In doing so, It Comes at Night shapes up as another of those apocalyptic fictions that strives to pass comment on national character. Just as Shaun of the Dead proposed popping to the pub as the most apposite response to any societal breakdown, and the recent Aussie drama These Final Hours saw its doomed characters fire up the barbie ahead of an obliterating meteor strike, so there seems something emblematic here about Paul's decision to bring out the big guns and enter so readily into lockdown. What's notable, however, is how often Shults defaults to the perspective of Travis, the teenager growing up unsexed in a home apparently designed to at some point become a tomb. There is a battle for the future of America going on around this small patch of land: it's like a red state that has succumbed to a flurry of more progressive activity. Certainly, Abbott's Will and Keough's Kim - gentle, optimistic, cupcake-craving sensualists whose lovemaking keeps their hosts awake at night - form a marked contrast to the terse Paul and the cowed Sarah; there's an unlikely echo of the recent Brexit-themed Wife Swap in the way Shults forces different personalities into the same small, pressurised space.
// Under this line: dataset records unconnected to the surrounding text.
(* Let $N\ge 1$ and $k\ge 1$ be integers, let $\beta>0$, and let $\psi_1,\dots,\psi_N\in\mathbb{R}$ be contribution estimates of nodes $i\in[N]$ (the quantities $\beta,\psi_i$ may depend on an accuracy parameter $\epsilon>0$). Define $\varrho_i=\exp(\psi_i/\beta)/\sum_{i'\in[N]}\exp(\psi_{i'}/\beta)$, $q_i=1-(1-\varrho_i)^k$, $\Gamma_i=\sum_{\gamma=0}^{\infty}\gamma\,(1-q_i)^{\gamma}=(1-q_i)/q_i^2$, and $C_i=c(\epsilon)+\Gamma_i$, where $c(\epsilon)=\mathcal{O}(1/\epsilon)$ is common to all nodes. Let $i_*\in\arg\min_{i\in[N]}\psi_i$. If $\Gamma_{i_*}=\mathcal{O}(1/\epsilon)$, then $C_i=\mathcal{O}(1/\epsilon)$ for all $i\in[N]$.
   Context: Setting: federated learning with $N$ nodes; after a contribution-evaluation phase, each node $i$ has a contribution estimate $\psi_i$. In each subsequent iteration $k$ nodes are sampled with replacement according to $(\varrho_i)$ and synchronize with the latest global model. $\Gamma_i$ is node $i$'s expected staleness (iterations since last synchronization), $c(\epsilon)$ is the expected number of iterations for the global model to reach $\epsilon$-accuracy (of order $\mathcal{O}(1/\epsilon)$ as $\epsilon\to 0$), and $C_i=c(\epsilon)+\Gamma_i$ is node $i$'s expected convergence complexity. Asymptotic notation is as $\epsilon\to 0$. *)

From HB Require Import structures.
From mathcomp Require Import all_boot all_order all_algebra.
From mathcomp Require Import all_classical all_reals all_analysis.
Set Implicit Arguments. Unset Strict Implicit. Unset Printing Implicit Defensive.
Import Order.TTheory GRing.Theory Num.Theory.
Local Open Scope ring_scope.

Section Defs.
Variables (R : realType) (N : nat).

Definition rho (beta : R) (psi : 'I_N -> R) (i : 'I_N) : R :=
  expR (psi i / beta) / \sum_(j < N) expR (psi j / beta).

(* probability that node i is sampled at least once among k draws with replacement *)
Definition qprob (k : nat) (beta : R) (psi : 'I_N -> R) (i : 'I_N) : R :=
  1 - (1 - rho beta psi i) ^+ k.

(* expected staleness Gamma_i = sum_gamma gamma (1-q_i)^gamma = (1-q_i)/q_i^2 *)
Definition Gamma (k : nat) (beta : R) (psi : 'I_N -> R) (i : 'I_N) : R :=
  (1 - qprob k beta psi i) / (qprob k beta psi i) ^+ 2.

End Defs.

Definition bigO_inv (R : realType) (f : R -> R) : Prop :=
  exists M delta : R, 0 < delta /\
    forall e : R, 0 < e -> e < delta -> `|f e| <= M / e.

From HB Require Import structures.
From mathcomp Require Import all_boot all_order all_algebra.
From mathcomp Require Import all_classical all_reals all_analysis.
Import Order.TTheory GRing.Theory Num.Theory.
Local Open Scope ring_scope.

(* The staleness (1 - q) / q^2 is nonincreasing in the sampling probability q, the
   probability q_i = 1 - (1 - rho_i)^k is nondecreasing in rho_i, and the softmax
   rho_i is nondecreasing in psi_i.  Hence the node of minimal contribution has
   the largest staleness, and Gamma_i <= Gamma_{i_*} = O(1/eps) for every i;
   adding c(eps) = O(1/eps) keeps the bound. *)

Lemma bigO_invD (R : realType) (f g : R -> R) :
  bigO_inv f -> bigO_inv g -> bigO_inv (fun e => f e + g e).
Proof.
move=> [Mf [df [df_gt0 Hf]]] [Mg [dg [dg_gt0 Hg]]].
exists (Mf + Mg), (Num.min df dg); split; first by rewrite lt_min df_gt0.
move=> e e_gt0; rewrite lt_min => /andP[e_df e_dg].
rewrite mulrDl (le_trans (ler_normD _ _)) //.
by rewrite lerD ?Hf ?Hg.
Qed.

Lemma bigO_inv_le (R : realType) (f g : R -> R) :
  (forall e, 0 < e -> `|f e| <= `|g e|) -> bigO_inv g -> bigO_inv f.
Proof.
move=> fg [M [d [d_gt0 Hg]]]; exists M, d; split => // e e_gt0 e_d.
exact: le_trans (fg e e_gt0) (Hg e e_gt0 e_d).
Qed.

Section Staleness.
Variable R : numFieldType.

Lemma staleness_ge0 (q : R) : 0 < q -> q <= 1 -> 0 <= (1 - q) / q ^+ 2.
Proof. by move=> q_gt0 q_le1; rewrite divr_ge0 ?subr_ge0 // exprn_ge0 // ltW. Qed.

Lemma staleness_le (q1 q2 : R) : 0 < q1 -> q1 <= q2 -> q2 <= 1 ->
  (1 - q2) / q2 ^+ 2 <= (1 - q1) / q1 ^+ 2.
Proof.
move=> q1_gt0 q12 q2_le1; have q2_gt0 := lt_le_trans q1_gt0 q12.
apply: (@le_trans _ _ ((1 - q1) / q2 ^+ 2)).
  by apply: ler_wpM2r; rewrite ?invr_ge0 ?exprn_ge0 ?lerB // ltW.
apply: ler_wpM2l; first by rewrite subr_ge0 (le_trans q12).
by rewrite lef_pV2 ?posrE ?exprn_gt0 // lerXn2r // nnegrE ltW.
Qed.

End Staleness.

Section Sampling.
Variables (R : realType) (N k : nat) (beta : R) (psi : 'I_N -> R).

Lemma softmax_den_gt0 (i : 'I_N) : 0 < \sum_(j < N) expR (psi j / beta).
Proof.
rewrite (bigD1 i) //= ltr_wpDr ?expR_gt0 //.
by rewrite sumr_ge0 // => j _; rewrite ltW ?expR_gt0.
Qed.

Lemma rho_gt0 (i : 'I_N) : 0 < rho beta psi i.
Proof. by rewrite divr_gt0 ?expR_gt0 ?(softmax_den_gt0 i). Qed.

Lemma rho_le1 (i : 'I_N) : rho beta psi i <= 1.
Proof.
rewrite ler_pdivrMr ?(softmax_den_gt0 i) // mul1r (bigD1 i) //= lerDl.
by rewrite sumr_ge0 // => j _; rewrite ltW ?expR_gt0.
Qed.

Lemma rho_le (i j : 'I_N) :
  0 < beta -> psi i <= psi j -> rho beta psi i <= rho beta psi j.
Proof.
move=> beta_gt0 psi_ij.
apply: ler_wpM2r; first by rewrite invr_ge0 ltW ?(softmax_den_gt0 i).
by rewrite ler_expR ler_pM2r ?invr_gt0.
Qed.

Lemma qprob_gt0 (i : 'I_N) : (1 <= k)%N -> 0 < qprob k beta psi i.
Proof.
move=> k_gt0; have r_gt0 := rho_gt0 i.
rewrite subr_gt0 exprn_ilt1 -?lt0n ?subr_ge0 ?rho_le1 //.
by rewrite ltrBlDr ltrDl.
Qed.

Lemma qprob_le1 (i : 'I_N) : qprob k beta psi i <= 1.
Proof. by rewrite lerBlDr lerDl exprn_ge0 // subr_ge0 rho_le1. Qed.

Lemma qprob_le (i j : 'I_N) :
  0 < beta -> psi i <= psi j -> qprob k beta psi i <= qprob k beta psi j.
Proof.
move=> beta_gt0 psi_ij; rewrite lerB // lerXn2r ?nnegrE ?subr_ge0 ?rho_le1 //.
by rewrite lerB // rho_le.
Qed.

Lemma Gamma_ge0 (i : 'I_N) : (1 <= k)%N -> 0 <= Gamma k beta psi i.
Proof. by move=> k_gt0; rewrite staleness_ge0 ?qprob_gt0 ?qprob_le1. Qed.

Lemma Gamma_le (i j : 'I_N) : (1 <= k)%N -> 0 < beta -> psi i <= psi j ->
  Gamma k beta psi j <= Gamma k beta psi i.
Proof.
by move=> k_gt0 beta_gt0 psi_ij; rewrite staleness_le ?qprob_gt0 ?qprob_le1 ?qprob_le.
Qed.

End Sampling.

Theorem proposition3 (R : realType) (N k : nat) (hN : (1 <= N)%N) (hk : (1 <= k)%N)
  (beta : R -> R) (psi : R -> 'I_N -> R) (c : R -> R) (istar : R -> 'I_N) :
  (forall e : R, 0 < e -> 0 < beta e) ->
  (forall e : R, 0 < e -> forall i : 'I_N, psi e (istar e) <= psi e i) ->
  bigO_inv c ->
  bigO_inv (fun e => Gamma k (beta e) (psi e) (istar e)) ->
  forall i : 'I_N, bigO_inv (fun e => c e + Gamma k (beta e) (psi e) i).
Proof.
move=> beta_gt0 istar_min c_bigO Gstar_bigO i.
apply: bigO_invD => //; apply: bigO_inv_le Gstar_bigO => e e_gt0.
rewrite !ger0_norm ?Gamma_ge0 //.
exact: Gamma_le (beta_gt0 e e_gt0) (istar_min e e_gt0 i).
Qed.
(* Let $n\ge3$ and $k$ an odd integer with $3\le k\le n$. Then $\chi(\mathfrak{g}_{n,k})=n-k+1$.
   Context: $\mathfrak{g}_{n,k}$ is the Lie algebra over a field $K$ of characteristic zero with basis $e_1,\dots,e_n$ whose only nonzero brackets between basis vectors (up to antisymmetry) are $[e_1,e_i]=e_{i+1}$ for $2\le i\le n-1$ and $[e_i,e_{k-i}]=(-1)^ie_n$ for $2\le i\le k-2$. For a Lie algebra $\mathfrak{h}$ and $\ell\in\mathfrak{h}^*$, $\mathfrak{h}(\ell)=\{y\in\mathfrak{h}\mid\ell([x,y])=0\ \forall x\in\mathfrak{h}\}$ and the index is $\chi(\mathfrak{h})=\min_{\ell\in\mathfrak{h}^*}\dim\mathfrak{h}(\ell)$. *)

From HB Require Import structures.
From mathcomp Require Import all_boot all_order all_algebra.
From mathcomp Require Import ring.
Set Implicit Arguments. Unset Strict Implicit. Unset Printing Implicit Defensive.
Import Order.TTheory GRing.Theory Num.Theory.
Local Open Scope ring_scope.

(* Vectors of the n-dimensional Lie algebra are row vectors 'rV[K]_n;
   the basis vector e_(i+1) (paper, 1-based) is  basis i  for i : 'I_n. *)
Definition basis (K : fieldType) (n : nat) (i : 'I_n) : 'rV[K]_n := delta_mx 0 i.

(* Structure constants of g_{n,k}, 1-based indices as in the paper:
   gnk_coef n k i j l = coefficient of e_l in [e_i, e_j].
   Nonzero brackets: [e_1,e_j] = e_(j+1) (2 <= j <= n-1), its antisymmetric
   counterpart [e_i,e_1] = - e_(i+1), and [e_i,e_(k-i)] = (-1)^i e_n
   (2 <= i <= k-2); for odd k the latter family is itself antisymmetric. *)
Definition gnk_coef (K : fieldType) (n k : nat) (i j l : nat) : K :=
  ((i == 1%N) && (2 <= j <= n.-1)%N && (l == j.+1))%:R
  - ((j == 1%N) && (2 <= i <= n.-1)%N && (l == i.+1))%:R
  + ((2 <= i <= k - 2)%N && (i + j == k)%N && (l == n))%:R * (-1) ^+ i.

Definition gnk_bracket (K : fieldType) (n k : nat) (x y : 'rV[K]_n) : 'rV[K]_n :=
  \row_(l < n) \sum_(i < n) \sum_(j < n)
     x 0 i * y 0 j * gnk_coef K n k i.+1 j.+1 l.+1.

Definition lform (K : fieldType) (n : nat) (f : 'rV[K]_n) (v : 'rV[K]_n) : K :=
  \sum_(i < n) f 0 i * v 0 i.

(* h(f) = { y | f([x,y]) = 0 for all x }, represented (mxalgebra style) as a
   square matrix whose row space is exactly that subspace: the row kernel of
   the matrix M with M j i = f([e_i, e_j]). *)
Definition stab_mx (K : fieldType) (n : nat)
    (br : 'rV[K]_n -> 'rV[K]_n -> 'rV[K]_n) (f : 'rV[K]_n) : 'M[K]_n :=
  kermx (\matrix_(j < n, i < n) lform f (br (basis K i) (basis K j))).

Definition stab_dim (K : fieldType) (n : nat)
    (br : 'rV[K]_n -> 'rV[K]_n -> 'rV[K]_n) (f : 'rV[K]_n) : nat :=
  \rank (stab_mx br f).

Definition lie_index_is (K : fieldType) (n : nat)
    (br : 'rV[K]_n -> 'rV[K]_n -> 'rV[K]_n) (m : nat) : Prop :=
  (exists f : 'rV[K]_n, stab_dim br f = m) /\
  (forall f : 'rV[K]_n, (m <= stab_dim br f)%N).

Lemma lform_gnk_expand (K : fieldType) n k (f x y : 'rV[K]_n) :
  lform f (@gnk_bracket K n k x y) =
  \sum_(i < n) \sum_(j < n) x 0 i * y 0 j *
      lform f (@gnk_bracket K n k (basis K i) (basis K j)).
Proof.
have E (i j : 'I_n) : lform f (@gnk_bracket K n k (basis K i) (basis K j)) =
    \sum_(l < n) f 0 l * gnk_coef K n k i.+1 j.+1 l.+1.
  apply: eq_bigr => l _; rewrite mxE; congr (_ * _).
  rewrite (bigD1 i) //= [X in _ + X]big1 => [|i' ne]; last first.
    by rewrite big1 // => j' _; rewrite !mxE (negbTE ne) andbF !mul0r.
  rewrite addr0 (bigD1 j) //= [X in _ + X]big1 => [|j' ne]; last first.
    by rewrite !mxE (negbTE ne) andbF mulr0 mul0r.
  by rewrite !mxE !eqxx /= !mul1r !addr0.
rewrite /lform in E *.
under eq_bigr => l _ do rewrite mxE mulr_sumr.
rewrite exchange_big /=; apply: eq_bigr => i _.
under eq_bigr => l _ do rewrite mulr_sumr.
rewrite exchange_big /=.
under [RHS]eq_bigr => j _ do rewrite E mulr_sumr.
by apply: eq_bigr => j _; apply: eq_bigr => l _; ring.
Qed.

Lemma stab_mx_gnkP (K : fieldType) n k (f y : 'rV[K]_n) :
  reflect (forall x, lform f (@gnk_bracket K n k x y) = 0)
          (y <= stab_mx (@gnk_bracket K n k) f)%MS.
Proof.
apply: (iffP sub_kermxP) => [H x | H].
  rewrite lform_gnk_expand big1 // => i _.
  have := congr1 (fun M : 'rV[K]_n => M 0 i) H.
  rewrite !mxE => Hi.
  transitivity (x 0 i * 0); last by rewrite mulr0.
  rewrite -[in RHS]Hi mulr_sumr.
  by under [RHS]eq_bigr => j _ do rewrite !mxE mulrA.
apply/rowP => i; rewrite !mxE.
have := H (basis K i); rewrite lform_gnk_expand (bigD1 i) //= [X in _ + X]big1 => [|i' ne]; last first.
  by rewrite big1 // => j _; rewrite !mxE (negbTE ne) andbF !mul0r.
rewrite addr0 => Hx; rewrite -[RHS]Hx.
under [RHS]eq_bigr => j _ do rewrite !mxE !eqxx mul1r.
by under eq_bigr => j _ do rewrite !mxE.
Qed.

(* dim h(f) is n minus the rank of the matrix (f([e_i, e_j]))_(j, i).  Every
   bracket [e_i, e_j] with i >= 2 and j >= k - 1 vanishes, so the rows j >= k - 1
   of that matrix are all multiples of the first unit row: the rank is at most
   (k - 2) + 1.  For f = e_n^* the k - 1 brackets [e_(n-1), e_1],
   [e_i, e_(k-i)] (2 <= i <= k - 2) and [e_1, e_(n-1)] have a nonzero e_n
   component and occupy pairwise distinct rows and columns, so they form an
   invertible diagonal minor of size k - 1. *)

From mathcomp Require Import all_boot all_order all_algebra zify.
Import GRing.Theory.
Local Open Scope ring_scope.
Set Implicit Arguments. Unset Strict Implicit.

Section RankBounds.
Variable F : fieldType.

Lemma mxrank_mxsub m n m' n' (f : 'I_m' -> 'I_m) (g : 'I_n' -> 'I_n)
    (A : 'M[F]_(m, n)) :
  (\rank (mxsub f g A) <= \rank A)%N.
Proof.
rewrite mxsubcr; apply: leq_trans (mxrankS (rowsub_sub f A)).
rewrite -mxrank_tr -[leqRHS]mxrank_tr trmx_mxsub.
exact/mxrankS/rowsub_sub.
Qed.

Lemma mxrank_diag_mx r (d : 'rV[F]_r) :
  (forall i, d 0 i != 0) -> \rank (diag_mx d) = r.
Proof.
move=> d_neq0; apply: mxrank_unit.
by rewrite unitmxE det_diag unitfE; apply/prodf_neq0 => i _.
Qed.

Lemma mxrank_ge_mxsub_diag m n r (f : 'I_r -> 'I_m) (g : 'I_r -> 'I_n)
    (A : 'M[F]_(m, n)) (d : 'rV[F]_r) :
  mxsub f g A = diag_mx d -> (forall i, d 0 i != 0) -> (r <= \rank A)%N.
Proof.
by move=> Ad d_neq0; rewrite -(mxrank_diag_mx d_neq0) -Ad mxrank_mxsub.
Qed.

Lemma mxrank_le_rows_col0 p q m (A : 'M[F]_(p, q.+1)) :
  (forall (j : 'I_p) (i : 'I_q.+1), (m <= j)%N -> i != 0 -> A j i = 0) ->
  (\rank A <= m.+1)%N.
Proof.
move=> A0; have [lt_pm | le_mp] := ltnP p m.
  by apply: leq_trans (rank_leq_row A) _; lia.
pose B := A - pid_mx m *m A.
have BE j i : B j i = if (j < m)%N then 0 else A j i.
  rewrite !mxE (bigD1 j) //= big1 => [|j' ne_j'j]; last first.
    rewrite mxE; case: eqP => [/val_inj eq_jj' | _]; last by rewrite mul0r.
    by rewrite eq_jj' eqxx in ne_j'j.
  by rewrite mxE eqxx addr0; case: ifP; rewrite ?mul1r ?mul0r ?subrr ?subr0.
have -> : A = pid_mx m *m A + B by rewrite addrC subrK.
apply: leq_trans (mxrank_add _ _) _; rewrite -[m.+1]addn1 leq_add //.
  by apply: leq_trans (mxrankM_maxl _ _) _; rewrite rank_pid_mx.
have -> : B = col 0 B *m delta_mx 0 0.
  apply/matrixP => j i.
  rewrite [RHS]mxE big_ord1 [col _ _ _ _]mxE [delta_mx _ _ _ _]mxE !BE.
  case: (eqVneq i 0) => [-> | i_neq0]; first by rewrite mulr1.
  by rewrite mulr0; case: ltnP => // le_mj; rewrite A0.
by apply: leq_trans (mxrankM_maxl _ _) _; apply: rank_leq_col.
Qed.
End RankBounds.

Definition form_mx (K : fieldType) (n : nat)
    (br : 'rV[K]_n -> 'rV[K]_n -> 'rV[K]_n) (f : 'rV[K]_n) : 'M[K]_n :=
  \matrix_(j < n, i < n) lform f (br (basis K i) (basis K j)).

Lemma stab_dimE (K : fieldType) n (br : 'rV[K]_n -> 'rV[K]_n -> 'rV[K]_n) f :
  stab_dim br f = (n - \rank (form_mx br f))%N.
Proof. exact: mxrank_ker. Qed.

Section Gnk.
Variables (K : fieldType) (k : nat).

Lemma form_mx_gnkE n (f : 'rV[K]_n) (i j : 'I_n) :
  form_mx (@gnk_bracket K n k) f j i =
  \sum_(l < n) f 0 l * gnk_coef K n k i.+1 j.+1 l.+1.
Proof.
rewrite mxE; apply: eq_bigr => l _; rewrite mxE; congr (_ * _).
rewrite (bigD1 i) //= [X in _ + X]big1 => [|i' ne_i'i]; last first.
  by rewrite big1 // => j' _; rewrite !mxE (negbTE ne_i'i) andbF !mul0r.
rewrite addr0 (bigD1 j) //= [X in _ + X]big1 => [|j' ne_j'j]; last first.
  by rewrite !mxE (negbTE ne_j'j) andbF mulr0 mul0r.
by rewrite !mxE !eqxx /= !mul1r !addr0.
Qed.

Lemma gnk_coef_eq0 n a b l :
  (3 <= k)%N -> a != 1%N -> (k.-1 <= b)%N -> gnk_coef K n k a b l = 0.
Proof.
move=> k_ge3 a_neq1 b_ge; rewrite /gnk_coef (negbTE a_neq1).
have -> : (b == 1%N) = false by lia.
have -> : ((2 <= a <= k - 2)%N && (a + b == k)%N) = false by lia.
by rewrite /= !mul0r subrr addr0.
Qed.

Lemma rank_form_mx_gnk_le n (f : 'rV[K]_n.+1) :
  (3 <= k)%N -> (\rank (form_mx (@gnk_bracket K n.+1 k) f) <= k.-1)%N.
Proof.
move=> k_ge3; have -> : k.-1 = (k - 2).+1 by lia.
apply: mxrank_le_rows_col0 => j i le_j i_neq0; rewrite form_mx_gnkE.
by rewrite big1 // => l _; rewrite gnk_coef_eq0 ?mulr0 //; lia.
Qed.

(* 0-based indices of the k - 1 pairs (e_i, e_j) of the header, listed as
   s = 0, 1 <= s <= k - 3, s = k - 2. *)
Definition gnk_match_fst (n s : nat) : nat :=
  if s == 0%N then (n - 2)%N else if (s < k - 2)%N then (k - 2 - s)%N else 0%N.

Definition gnk_match_snd (n s : nat) : nat :=
  if (s < k - 2)%N then s else (n - 2)%N.

Ltac case_gnk_coef a b := rewrite /gnk_coef;
  case: ((a.+1 == 1%N) && _ && _) / boolP => ?;
  case: ((b.+1 == 1%N) && _ && _) / boolP => ?;
  case: ((2 <= a.+1 <= _)%N && _ && _) / boolP => ?; try (exfalso; lia).

Lemma gnk_coef_match_neq0 n s : (3 <= k <= n)%N -> (s < k.-1)%N ->
  gnk_coef K n k (gnk_match_fst n s).+1 (gnk_match_snd n s).+1 n != 0.
Proof.
move=> le_3kn lt_s.
move Ha: (gnk_match_fst n s) => a; move Hb: (gnk_match_snd n s) => b.
move: Ha Hb; rewrite /gnk_match_fst /gnk_match_snd.
case: ifP => ?; case: ifP => ?; try case: ifP => ?; move=> Ha Hb; case_gnk_coef a b.
all: by rewrite ?mul0r ?mul1r ?subr0 ?sub0r ?addr0 ?subrr ?add0r
                ?oppr_eq0 ?oner_eq0 ?signr_eq0.
Qed.

Lemma gnk_coef_match_eq0 n r s : (3 <= k <= n)%N ->
    (r < k.-1)%N -> (s < k.-1)%N -> r != s ->
  gnk_coef K n k (gnk_match_fst n s).+1 (gnk_match_snd n r).+1 n = 0.
Proof.
move=> le_3kn lt_r lt_s ne_rs.
move Ha: (gnk_match_fst n s) => a; move Hb: (gnk_match_snd n r) => b.
move: Ha Hb; rewrite /gnk_match_fst /gnk_match_snd.
case: ifP => ?; case: ifP => ?; try case: ifP => ?; move=> Ha Hb; case_gnk_coef a b.
all: by rewrite !mul0r subrr addr0.
Qed.

Lemma rank_form_mx_gnk_ge n : (3 <= k <= n.+1)%N ->
  (k.-1 <= \rank (form_mx (@gnk_bracket K n.+1 k) (delta_mx ord0 ord_max)))%N.
Proof.
move=> le_3kn.
pose g (r : 'I_k.-1) : 'I_n.+1 := inord (gnk_match_snd n.+1 r).
pose h (s : 'I_k.-1) : 'I_n.+1 := inord (gnk_match_fst n.+1 s).
have gE r : (g r : nat) = gnk_match_snd n.+1 r.
  by rewrite inordK // /gnk_match_snd; case: ifP; lia.
have hE s : (h s : nat) = gnk_match_fst n.+1 s.
  by rewrite inordK // /gnk_match_fst; case: ifP; try case: ifP; lia.
pose d := \row_(s < k.-1)
  gnk_coef K n.+1 k (gnk_match_fst n.+1 s).+1 (gnk_match_snd n.+1 s).+1 n.+1.
apply: (@mxrank_ge_mxsub_diag _ _ _ _ g h _ d); last first.
  by move=> s; rewrite mxE gnk_coef_match_neq0.
apply/matrixP => r s; rewrite [LHS]mxE form_mx_gnkE (bigD1 ord_max) //= big1.
  rewrite !mxE !eqxx mul1r addr0 gE hE.
  case: (eqVneq r s) => [-> | ne_rs]; first by rewrite mulr1n.
  by rewrite mulr0n gnk_coef_match_eq0.
by move=> l ne_l; rewrite !mxE (negbTE ne_l) andbF mul0r.
Qed.
End Gnk.

Theorem proposition6p7 (K : fieldType) (charK0 : [pchar K] =i pred0)
    (n k : nat) (hn : (3 <= n)%N) (hk_odd : odd k) (hk : (3 <= k <= n)%N) :
  lie_index_is (@gnk_bracket K n k) (n - k + 1).
Proof.
case: n hn hk => [// | n] _ le_3kn; have k_ge3 : (3 <= k)%N by lia.
split.
  exists (delta_mx ord0 ord_max); rewrite stab_dimE.
  have := rank_form_mx_gnk_ge K le_3kn.
  have := rank_form_mx_gnk_le (delta_mx ord0 ord_max : 'rV[K]_n.+1) k_ge3.
  lia.
by move=> f; rewrite stab_dimE; have := rank_form_mx_gnk_le f k_ge3; lia.
Qed.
While these two physically symmetrical families first form an easy bond, their constituent members glad for the renewed company, from an ideological viewpoint, they remain diametrically opposed; it's not long before those underlying differences become apparent, and everything badly unravels.

Though dramatically persuasive, that unravelling proves a gradual process, and I suspect those expecting the usual quiet-quiet-loud mechanics will at the very least be thrown - as evidenced by the steady stream of teenagers who began exiting the public screening I attended from the halfway mark, either expecting a few more bumps in the night or seeking less oppressive forms of entertainment. (In essence, Shults has taken Krisha's fraught interpersonal dynamics and shifted them sideways into a notionally more commercial realm.) The film remains as tightly, hermetically sealed as the house itself, purged of the release valves of humour or those easy wind-up jolts that serve to let an audience off the hook in mainstream horror movies; it may be one of those films less impressive for what it is - which is, after all, a modestly budgeted single-location calling card - than for what it steadfastly refuses to become. At any rate, it gains an additional dimension from the performances of quietly simmering intensity Shults fosters: Edgerton, now established as one of the movies' very best readers of genre scripts (Warrior, The Gift), has a late close-up that registers as among the deftest acting we'll likely witness inside a Cineworld all summer. With performers like these, a director doesn't need much in the way of money, flashy helicopter shots or city-trashing VFX; they also ensure the monsters in It Comes at Night walk, talk and act just like us, and there is something more legitimately chilling about that than there would be in a half-dozen Conjurings, Annabelles and Paranormal Activitys.

It Comes at Night is now playing in cinemas nationwide.